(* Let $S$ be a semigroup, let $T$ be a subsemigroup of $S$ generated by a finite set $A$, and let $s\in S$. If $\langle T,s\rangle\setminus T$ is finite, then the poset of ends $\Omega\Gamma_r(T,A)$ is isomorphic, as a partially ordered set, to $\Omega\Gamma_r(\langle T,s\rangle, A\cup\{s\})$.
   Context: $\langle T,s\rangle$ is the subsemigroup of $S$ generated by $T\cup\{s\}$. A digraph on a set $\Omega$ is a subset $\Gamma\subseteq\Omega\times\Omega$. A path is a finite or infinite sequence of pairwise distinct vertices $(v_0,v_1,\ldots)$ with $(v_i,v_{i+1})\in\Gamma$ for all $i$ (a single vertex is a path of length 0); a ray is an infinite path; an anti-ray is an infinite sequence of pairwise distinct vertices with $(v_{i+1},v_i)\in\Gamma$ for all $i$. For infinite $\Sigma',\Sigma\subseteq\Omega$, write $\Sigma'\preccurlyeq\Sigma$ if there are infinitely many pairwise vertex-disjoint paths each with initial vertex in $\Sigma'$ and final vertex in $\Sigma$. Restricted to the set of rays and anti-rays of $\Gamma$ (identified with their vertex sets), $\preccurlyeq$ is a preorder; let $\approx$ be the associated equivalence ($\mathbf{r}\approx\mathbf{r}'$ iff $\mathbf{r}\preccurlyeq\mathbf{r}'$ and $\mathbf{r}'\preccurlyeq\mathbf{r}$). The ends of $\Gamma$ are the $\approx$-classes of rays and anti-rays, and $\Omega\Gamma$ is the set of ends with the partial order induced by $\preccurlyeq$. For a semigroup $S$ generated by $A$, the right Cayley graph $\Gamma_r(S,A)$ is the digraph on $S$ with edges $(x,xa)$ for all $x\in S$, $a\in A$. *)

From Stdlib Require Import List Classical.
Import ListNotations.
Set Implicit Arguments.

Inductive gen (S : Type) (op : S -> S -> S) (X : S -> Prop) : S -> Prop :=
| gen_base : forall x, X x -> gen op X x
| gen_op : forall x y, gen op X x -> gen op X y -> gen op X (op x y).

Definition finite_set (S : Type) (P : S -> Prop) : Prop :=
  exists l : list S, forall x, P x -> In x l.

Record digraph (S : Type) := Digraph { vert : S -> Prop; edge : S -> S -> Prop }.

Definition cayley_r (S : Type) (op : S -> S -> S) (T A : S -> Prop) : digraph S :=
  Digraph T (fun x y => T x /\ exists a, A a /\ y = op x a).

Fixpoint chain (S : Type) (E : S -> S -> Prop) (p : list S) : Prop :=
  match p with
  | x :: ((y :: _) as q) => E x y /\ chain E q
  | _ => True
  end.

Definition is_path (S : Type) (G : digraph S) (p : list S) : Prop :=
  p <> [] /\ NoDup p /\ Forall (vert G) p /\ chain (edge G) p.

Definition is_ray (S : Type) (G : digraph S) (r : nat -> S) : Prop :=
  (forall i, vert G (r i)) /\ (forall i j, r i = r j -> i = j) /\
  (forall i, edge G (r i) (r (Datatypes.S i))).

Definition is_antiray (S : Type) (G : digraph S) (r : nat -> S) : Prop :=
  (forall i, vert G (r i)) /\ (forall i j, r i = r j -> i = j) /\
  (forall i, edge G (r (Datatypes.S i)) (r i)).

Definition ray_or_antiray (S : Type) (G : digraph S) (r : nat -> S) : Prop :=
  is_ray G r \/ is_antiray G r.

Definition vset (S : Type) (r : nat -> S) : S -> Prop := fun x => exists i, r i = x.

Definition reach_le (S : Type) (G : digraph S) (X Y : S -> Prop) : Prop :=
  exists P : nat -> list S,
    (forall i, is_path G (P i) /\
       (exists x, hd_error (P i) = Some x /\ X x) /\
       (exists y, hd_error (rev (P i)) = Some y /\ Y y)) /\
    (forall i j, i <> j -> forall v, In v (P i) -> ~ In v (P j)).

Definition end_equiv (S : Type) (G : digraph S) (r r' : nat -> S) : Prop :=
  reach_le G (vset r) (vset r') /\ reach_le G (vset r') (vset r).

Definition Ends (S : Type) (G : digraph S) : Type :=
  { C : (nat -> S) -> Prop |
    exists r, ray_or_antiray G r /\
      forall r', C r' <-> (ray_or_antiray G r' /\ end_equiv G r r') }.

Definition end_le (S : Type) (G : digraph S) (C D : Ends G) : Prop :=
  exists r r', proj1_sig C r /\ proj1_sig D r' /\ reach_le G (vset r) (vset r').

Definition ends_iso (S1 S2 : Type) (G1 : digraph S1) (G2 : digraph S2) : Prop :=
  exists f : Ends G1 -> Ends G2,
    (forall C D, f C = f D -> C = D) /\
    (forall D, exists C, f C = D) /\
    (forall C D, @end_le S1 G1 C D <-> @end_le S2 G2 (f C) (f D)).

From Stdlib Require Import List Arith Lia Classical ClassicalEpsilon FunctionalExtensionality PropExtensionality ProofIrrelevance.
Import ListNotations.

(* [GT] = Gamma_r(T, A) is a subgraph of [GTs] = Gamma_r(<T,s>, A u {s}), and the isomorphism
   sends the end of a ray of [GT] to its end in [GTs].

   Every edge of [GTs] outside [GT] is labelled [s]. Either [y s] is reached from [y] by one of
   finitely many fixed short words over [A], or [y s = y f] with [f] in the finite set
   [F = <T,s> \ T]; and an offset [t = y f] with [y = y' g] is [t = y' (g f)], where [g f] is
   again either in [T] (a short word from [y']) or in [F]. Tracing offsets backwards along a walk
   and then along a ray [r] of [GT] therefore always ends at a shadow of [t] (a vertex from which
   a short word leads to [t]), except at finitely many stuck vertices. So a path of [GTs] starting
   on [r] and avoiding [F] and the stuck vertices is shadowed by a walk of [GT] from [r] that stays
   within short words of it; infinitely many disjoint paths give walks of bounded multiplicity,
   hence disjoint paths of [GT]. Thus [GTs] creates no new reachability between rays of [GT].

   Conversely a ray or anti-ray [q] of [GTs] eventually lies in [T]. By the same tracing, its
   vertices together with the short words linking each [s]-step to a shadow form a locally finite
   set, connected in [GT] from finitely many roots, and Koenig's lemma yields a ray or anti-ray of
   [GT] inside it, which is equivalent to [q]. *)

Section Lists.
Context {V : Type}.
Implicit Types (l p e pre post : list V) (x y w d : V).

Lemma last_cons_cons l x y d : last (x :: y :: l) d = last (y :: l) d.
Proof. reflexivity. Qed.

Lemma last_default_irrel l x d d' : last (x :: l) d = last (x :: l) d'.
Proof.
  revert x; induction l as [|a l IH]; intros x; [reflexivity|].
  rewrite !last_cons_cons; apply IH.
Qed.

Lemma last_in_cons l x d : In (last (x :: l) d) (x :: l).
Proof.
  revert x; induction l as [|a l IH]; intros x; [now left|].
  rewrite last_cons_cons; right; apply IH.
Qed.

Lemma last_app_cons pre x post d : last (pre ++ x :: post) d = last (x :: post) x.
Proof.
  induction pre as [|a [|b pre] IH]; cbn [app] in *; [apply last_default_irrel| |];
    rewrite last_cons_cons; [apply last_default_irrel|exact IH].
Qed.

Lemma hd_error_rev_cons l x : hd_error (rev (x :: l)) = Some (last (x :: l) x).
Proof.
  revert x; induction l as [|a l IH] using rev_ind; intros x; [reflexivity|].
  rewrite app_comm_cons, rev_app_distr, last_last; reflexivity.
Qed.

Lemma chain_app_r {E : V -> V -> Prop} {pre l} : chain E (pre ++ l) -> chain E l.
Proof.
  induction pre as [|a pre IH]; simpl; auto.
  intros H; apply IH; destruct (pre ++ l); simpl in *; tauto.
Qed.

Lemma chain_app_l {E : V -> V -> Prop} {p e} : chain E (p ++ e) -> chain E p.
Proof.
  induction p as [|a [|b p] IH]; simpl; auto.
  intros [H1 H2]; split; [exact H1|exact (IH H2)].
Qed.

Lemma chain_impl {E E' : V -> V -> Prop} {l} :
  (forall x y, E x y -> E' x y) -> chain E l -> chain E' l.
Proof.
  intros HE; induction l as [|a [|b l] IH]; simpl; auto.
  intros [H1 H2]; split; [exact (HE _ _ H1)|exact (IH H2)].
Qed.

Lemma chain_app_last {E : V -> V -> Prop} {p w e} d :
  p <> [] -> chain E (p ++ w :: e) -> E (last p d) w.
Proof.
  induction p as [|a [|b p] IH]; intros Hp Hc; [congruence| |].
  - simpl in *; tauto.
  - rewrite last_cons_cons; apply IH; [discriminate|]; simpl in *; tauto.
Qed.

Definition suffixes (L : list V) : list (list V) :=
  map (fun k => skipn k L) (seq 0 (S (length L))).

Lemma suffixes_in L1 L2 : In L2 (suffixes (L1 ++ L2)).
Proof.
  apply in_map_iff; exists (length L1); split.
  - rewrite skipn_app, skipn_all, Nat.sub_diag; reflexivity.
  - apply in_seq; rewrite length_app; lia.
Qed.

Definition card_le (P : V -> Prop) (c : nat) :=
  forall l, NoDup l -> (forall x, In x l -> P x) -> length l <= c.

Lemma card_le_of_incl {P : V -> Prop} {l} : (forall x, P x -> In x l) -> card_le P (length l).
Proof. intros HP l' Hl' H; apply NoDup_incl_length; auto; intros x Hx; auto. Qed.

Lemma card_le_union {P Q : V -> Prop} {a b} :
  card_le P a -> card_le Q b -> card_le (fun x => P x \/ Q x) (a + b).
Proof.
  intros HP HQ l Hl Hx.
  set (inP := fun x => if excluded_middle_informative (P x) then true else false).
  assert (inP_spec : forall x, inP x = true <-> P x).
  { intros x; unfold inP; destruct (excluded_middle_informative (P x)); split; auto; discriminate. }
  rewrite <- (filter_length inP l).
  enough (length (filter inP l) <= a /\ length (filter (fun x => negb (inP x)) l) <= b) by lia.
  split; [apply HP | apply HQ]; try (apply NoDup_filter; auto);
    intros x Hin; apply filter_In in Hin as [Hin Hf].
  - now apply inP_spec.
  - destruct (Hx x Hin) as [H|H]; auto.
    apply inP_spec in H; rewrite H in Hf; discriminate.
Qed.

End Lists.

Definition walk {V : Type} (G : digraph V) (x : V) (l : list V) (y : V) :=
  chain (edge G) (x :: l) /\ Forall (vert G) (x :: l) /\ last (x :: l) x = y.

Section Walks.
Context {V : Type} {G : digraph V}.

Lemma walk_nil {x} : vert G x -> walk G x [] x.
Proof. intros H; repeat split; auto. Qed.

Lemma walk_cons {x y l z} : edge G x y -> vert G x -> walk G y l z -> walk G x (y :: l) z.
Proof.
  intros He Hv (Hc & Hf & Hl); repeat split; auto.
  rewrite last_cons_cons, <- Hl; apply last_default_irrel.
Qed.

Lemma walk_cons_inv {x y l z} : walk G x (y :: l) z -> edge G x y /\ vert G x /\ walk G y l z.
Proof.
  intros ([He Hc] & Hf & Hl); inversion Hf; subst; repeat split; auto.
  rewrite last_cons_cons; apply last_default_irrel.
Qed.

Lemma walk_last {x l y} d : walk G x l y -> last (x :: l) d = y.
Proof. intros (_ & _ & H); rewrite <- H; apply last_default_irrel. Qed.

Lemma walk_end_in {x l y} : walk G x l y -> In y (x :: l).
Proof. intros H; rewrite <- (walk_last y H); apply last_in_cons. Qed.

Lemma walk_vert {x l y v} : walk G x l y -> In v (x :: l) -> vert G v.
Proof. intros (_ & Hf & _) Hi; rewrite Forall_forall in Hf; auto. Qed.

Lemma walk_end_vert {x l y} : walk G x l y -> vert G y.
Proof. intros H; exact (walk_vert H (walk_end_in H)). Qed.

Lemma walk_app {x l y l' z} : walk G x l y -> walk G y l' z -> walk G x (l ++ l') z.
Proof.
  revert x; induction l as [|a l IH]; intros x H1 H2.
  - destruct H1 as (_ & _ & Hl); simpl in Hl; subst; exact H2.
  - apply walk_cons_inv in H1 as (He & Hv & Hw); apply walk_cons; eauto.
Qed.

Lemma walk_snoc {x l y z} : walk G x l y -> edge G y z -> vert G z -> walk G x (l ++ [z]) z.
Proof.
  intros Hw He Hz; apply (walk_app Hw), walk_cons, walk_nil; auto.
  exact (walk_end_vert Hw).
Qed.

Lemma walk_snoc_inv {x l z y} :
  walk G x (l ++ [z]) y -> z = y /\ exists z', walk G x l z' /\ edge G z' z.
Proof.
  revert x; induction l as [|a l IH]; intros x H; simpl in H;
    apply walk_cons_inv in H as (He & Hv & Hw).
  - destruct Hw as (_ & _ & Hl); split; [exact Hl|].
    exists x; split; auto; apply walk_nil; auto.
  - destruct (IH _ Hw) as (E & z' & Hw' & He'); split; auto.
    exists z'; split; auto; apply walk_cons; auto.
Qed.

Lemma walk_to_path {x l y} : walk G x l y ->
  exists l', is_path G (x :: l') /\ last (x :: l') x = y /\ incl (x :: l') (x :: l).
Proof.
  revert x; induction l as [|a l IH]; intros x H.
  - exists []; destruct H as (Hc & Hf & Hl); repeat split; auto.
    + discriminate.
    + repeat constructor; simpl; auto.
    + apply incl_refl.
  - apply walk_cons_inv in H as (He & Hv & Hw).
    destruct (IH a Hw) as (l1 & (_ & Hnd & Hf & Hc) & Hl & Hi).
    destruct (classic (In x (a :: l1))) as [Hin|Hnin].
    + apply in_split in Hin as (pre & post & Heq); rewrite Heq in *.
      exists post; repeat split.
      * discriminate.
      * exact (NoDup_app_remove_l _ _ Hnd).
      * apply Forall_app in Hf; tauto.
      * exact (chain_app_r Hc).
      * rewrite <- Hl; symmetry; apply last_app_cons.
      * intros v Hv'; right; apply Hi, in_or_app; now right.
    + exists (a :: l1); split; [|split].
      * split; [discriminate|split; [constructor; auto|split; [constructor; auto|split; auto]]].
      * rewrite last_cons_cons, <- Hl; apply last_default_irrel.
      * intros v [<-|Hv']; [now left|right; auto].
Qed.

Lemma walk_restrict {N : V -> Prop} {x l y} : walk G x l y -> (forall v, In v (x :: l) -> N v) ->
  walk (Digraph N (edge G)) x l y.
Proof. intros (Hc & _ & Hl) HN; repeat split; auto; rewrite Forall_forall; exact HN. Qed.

◆ ◆ ◆ ◆ ◆

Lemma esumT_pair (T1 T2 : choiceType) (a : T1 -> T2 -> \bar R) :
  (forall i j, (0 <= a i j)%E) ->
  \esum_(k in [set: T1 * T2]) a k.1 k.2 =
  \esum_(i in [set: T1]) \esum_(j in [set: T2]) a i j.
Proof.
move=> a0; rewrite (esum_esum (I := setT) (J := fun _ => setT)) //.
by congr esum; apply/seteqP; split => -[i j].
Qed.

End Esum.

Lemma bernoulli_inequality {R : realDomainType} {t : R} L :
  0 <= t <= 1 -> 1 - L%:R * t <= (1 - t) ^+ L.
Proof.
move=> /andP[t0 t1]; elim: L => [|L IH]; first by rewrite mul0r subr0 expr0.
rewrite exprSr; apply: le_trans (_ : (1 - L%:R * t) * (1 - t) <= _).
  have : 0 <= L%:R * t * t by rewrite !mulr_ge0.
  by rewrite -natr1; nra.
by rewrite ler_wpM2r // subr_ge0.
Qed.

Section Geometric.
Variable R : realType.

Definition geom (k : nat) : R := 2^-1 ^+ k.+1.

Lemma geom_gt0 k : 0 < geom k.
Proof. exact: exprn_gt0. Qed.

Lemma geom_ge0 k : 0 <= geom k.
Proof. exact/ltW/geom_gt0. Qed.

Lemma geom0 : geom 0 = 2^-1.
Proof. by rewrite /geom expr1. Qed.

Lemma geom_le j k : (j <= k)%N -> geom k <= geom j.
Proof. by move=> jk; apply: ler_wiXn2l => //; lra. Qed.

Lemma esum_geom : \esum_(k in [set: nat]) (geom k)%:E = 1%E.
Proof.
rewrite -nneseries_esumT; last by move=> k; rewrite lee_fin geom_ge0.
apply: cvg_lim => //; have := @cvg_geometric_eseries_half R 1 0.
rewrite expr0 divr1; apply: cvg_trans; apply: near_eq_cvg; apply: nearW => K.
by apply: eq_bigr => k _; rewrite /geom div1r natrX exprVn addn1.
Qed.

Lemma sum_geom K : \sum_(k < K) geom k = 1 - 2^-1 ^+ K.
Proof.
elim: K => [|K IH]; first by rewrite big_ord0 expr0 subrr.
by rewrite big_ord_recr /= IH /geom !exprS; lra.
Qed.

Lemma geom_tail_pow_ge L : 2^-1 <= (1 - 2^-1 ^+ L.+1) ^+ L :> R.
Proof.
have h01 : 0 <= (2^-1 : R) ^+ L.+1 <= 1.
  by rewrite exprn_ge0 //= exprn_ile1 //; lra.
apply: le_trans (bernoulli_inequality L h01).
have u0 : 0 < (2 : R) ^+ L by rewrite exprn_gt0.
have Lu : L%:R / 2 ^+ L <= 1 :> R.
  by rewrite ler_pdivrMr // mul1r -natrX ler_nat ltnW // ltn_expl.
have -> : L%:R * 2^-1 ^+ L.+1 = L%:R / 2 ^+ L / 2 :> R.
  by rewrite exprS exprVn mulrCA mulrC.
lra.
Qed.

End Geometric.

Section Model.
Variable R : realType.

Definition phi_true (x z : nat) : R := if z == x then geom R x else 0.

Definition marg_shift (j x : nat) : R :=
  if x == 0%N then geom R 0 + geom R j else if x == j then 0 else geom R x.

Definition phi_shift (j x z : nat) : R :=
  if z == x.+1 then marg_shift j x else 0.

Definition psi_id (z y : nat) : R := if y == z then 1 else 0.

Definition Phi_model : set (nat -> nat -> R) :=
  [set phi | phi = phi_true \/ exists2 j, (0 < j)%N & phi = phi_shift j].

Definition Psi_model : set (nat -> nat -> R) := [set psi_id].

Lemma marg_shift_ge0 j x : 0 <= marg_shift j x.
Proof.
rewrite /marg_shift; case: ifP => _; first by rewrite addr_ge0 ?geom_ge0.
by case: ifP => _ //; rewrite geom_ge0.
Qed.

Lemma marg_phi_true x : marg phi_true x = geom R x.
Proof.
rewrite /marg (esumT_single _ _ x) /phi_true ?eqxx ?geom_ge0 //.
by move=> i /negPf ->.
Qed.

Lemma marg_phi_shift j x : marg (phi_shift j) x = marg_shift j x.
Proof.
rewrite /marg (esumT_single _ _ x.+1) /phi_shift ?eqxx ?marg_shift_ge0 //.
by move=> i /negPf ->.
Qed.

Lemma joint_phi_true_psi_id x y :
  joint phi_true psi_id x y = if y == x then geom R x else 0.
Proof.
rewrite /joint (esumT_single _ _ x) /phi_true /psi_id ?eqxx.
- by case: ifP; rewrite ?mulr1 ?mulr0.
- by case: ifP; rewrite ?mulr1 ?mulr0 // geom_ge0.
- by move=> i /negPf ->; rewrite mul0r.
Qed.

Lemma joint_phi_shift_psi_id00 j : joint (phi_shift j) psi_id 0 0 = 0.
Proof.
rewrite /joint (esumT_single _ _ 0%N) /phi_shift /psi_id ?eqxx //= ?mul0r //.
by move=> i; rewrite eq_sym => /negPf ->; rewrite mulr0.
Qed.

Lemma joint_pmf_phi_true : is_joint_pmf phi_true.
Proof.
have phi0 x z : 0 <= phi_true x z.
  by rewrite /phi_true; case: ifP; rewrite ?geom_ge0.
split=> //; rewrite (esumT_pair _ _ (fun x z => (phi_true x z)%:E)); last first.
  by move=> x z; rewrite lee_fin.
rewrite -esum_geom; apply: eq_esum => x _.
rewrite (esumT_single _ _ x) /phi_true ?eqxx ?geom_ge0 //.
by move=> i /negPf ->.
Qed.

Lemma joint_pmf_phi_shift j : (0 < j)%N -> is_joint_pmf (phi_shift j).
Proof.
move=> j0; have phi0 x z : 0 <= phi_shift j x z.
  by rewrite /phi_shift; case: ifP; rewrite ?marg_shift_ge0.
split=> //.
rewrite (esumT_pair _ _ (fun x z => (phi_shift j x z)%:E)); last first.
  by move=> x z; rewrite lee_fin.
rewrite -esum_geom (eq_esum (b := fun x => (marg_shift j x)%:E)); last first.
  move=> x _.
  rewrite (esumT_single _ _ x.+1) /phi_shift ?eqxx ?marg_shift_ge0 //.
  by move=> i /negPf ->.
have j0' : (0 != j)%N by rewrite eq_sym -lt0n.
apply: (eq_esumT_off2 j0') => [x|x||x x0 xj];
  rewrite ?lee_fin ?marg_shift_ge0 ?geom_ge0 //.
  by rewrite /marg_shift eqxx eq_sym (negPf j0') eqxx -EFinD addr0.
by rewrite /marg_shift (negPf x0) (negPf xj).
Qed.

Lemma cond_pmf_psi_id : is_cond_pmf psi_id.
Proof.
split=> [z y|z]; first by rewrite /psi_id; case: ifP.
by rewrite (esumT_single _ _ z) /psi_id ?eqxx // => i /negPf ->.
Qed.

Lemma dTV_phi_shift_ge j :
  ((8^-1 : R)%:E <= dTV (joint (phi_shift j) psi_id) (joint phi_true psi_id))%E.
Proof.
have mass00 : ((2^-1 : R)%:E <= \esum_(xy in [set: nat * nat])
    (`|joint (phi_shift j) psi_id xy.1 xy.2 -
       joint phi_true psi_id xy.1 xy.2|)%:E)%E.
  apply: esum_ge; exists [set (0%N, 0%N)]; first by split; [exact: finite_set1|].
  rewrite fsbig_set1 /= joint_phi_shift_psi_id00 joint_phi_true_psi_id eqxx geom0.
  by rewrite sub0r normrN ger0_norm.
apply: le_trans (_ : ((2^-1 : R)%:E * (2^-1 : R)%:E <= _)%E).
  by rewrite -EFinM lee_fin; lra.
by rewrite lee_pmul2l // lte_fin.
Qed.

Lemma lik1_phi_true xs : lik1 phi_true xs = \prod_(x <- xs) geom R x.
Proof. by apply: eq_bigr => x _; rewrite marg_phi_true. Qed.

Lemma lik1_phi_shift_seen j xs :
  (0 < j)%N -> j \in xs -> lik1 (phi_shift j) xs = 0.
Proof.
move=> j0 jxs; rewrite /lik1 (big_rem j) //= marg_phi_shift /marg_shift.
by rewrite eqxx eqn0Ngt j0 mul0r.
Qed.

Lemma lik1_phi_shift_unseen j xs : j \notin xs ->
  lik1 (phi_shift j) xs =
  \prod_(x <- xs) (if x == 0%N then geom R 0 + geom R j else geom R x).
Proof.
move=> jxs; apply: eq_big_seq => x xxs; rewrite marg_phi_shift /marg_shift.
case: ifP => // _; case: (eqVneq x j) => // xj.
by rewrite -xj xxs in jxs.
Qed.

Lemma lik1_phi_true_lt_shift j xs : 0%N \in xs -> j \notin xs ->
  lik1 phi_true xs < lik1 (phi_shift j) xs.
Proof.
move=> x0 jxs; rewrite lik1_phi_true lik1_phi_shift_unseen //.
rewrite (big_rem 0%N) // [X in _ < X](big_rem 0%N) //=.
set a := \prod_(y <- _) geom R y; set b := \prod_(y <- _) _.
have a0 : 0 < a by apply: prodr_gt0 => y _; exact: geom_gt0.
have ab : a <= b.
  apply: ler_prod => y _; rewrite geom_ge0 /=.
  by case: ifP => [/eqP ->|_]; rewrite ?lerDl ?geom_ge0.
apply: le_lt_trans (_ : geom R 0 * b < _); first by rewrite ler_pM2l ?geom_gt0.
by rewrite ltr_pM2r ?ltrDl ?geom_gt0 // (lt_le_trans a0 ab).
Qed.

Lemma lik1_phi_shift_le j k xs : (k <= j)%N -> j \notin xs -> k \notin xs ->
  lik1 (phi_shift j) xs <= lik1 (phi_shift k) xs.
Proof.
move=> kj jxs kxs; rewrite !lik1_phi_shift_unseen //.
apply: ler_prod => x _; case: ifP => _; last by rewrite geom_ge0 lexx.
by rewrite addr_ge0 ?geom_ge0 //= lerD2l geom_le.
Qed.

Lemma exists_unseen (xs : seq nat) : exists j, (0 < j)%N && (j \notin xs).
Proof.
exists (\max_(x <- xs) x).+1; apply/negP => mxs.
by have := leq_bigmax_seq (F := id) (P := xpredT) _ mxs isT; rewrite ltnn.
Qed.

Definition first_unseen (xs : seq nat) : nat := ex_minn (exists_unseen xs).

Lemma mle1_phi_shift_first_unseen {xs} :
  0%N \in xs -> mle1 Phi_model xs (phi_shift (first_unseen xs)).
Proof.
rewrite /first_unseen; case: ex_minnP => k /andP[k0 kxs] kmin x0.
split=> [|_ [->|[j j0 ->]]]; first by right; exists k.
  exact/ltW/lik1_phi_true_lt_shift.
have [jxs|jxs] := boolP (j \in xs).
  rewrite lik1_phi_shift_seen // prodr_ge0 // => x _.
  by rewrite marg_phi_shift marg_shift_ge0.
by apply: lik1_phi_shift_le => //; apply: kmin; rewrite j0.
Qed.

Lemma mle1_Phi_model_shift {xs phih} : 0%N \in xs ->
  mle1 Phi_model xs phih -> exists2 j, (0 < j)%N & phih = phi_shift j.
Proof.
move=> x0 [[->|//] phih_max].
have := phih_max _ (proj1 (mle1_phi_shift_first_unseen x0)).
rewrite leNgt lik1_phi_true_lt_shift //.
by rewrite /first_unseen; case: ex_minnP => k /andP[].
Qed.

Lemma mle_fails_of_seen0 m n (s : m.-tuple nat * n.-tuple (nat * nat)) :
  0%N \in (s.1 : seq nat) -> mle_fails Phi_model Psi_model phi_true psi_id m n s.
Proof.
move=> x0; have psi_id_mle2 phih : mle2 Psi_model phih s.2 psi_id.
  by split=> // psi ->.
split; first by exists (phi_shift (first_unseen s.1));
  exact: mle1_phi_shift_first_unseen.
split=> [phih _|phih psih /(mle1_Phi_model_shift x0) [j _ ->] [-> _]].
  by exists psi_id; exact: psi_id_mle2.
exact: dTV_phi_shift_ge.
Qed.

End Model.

◆ ◆ ◆ ◆ ◆

▶ **The task**: Find the word "else" in the data and show each line that holds it.

▶ **Task answer**:
  set (inP := fun x => if excluded_middle_informative (P x) then true else false).
Definition phi_true (x z : nat) : R := if z == x then geom R x else 0.
  if x == 0%N then geom R 0 + geom R j else if x == j then 0 else geom R x.
  if z == x.+1 then marg_shift j x else 0.
Definition psi_id (z y : nat) : R := if y == z then 1 else 0.
  joint phi_true psi_id x y = if y == x then geom R x else 0.
  \prod_(x <- xs) (if x == 0%N then geom R 0 + geom R j else geom R x).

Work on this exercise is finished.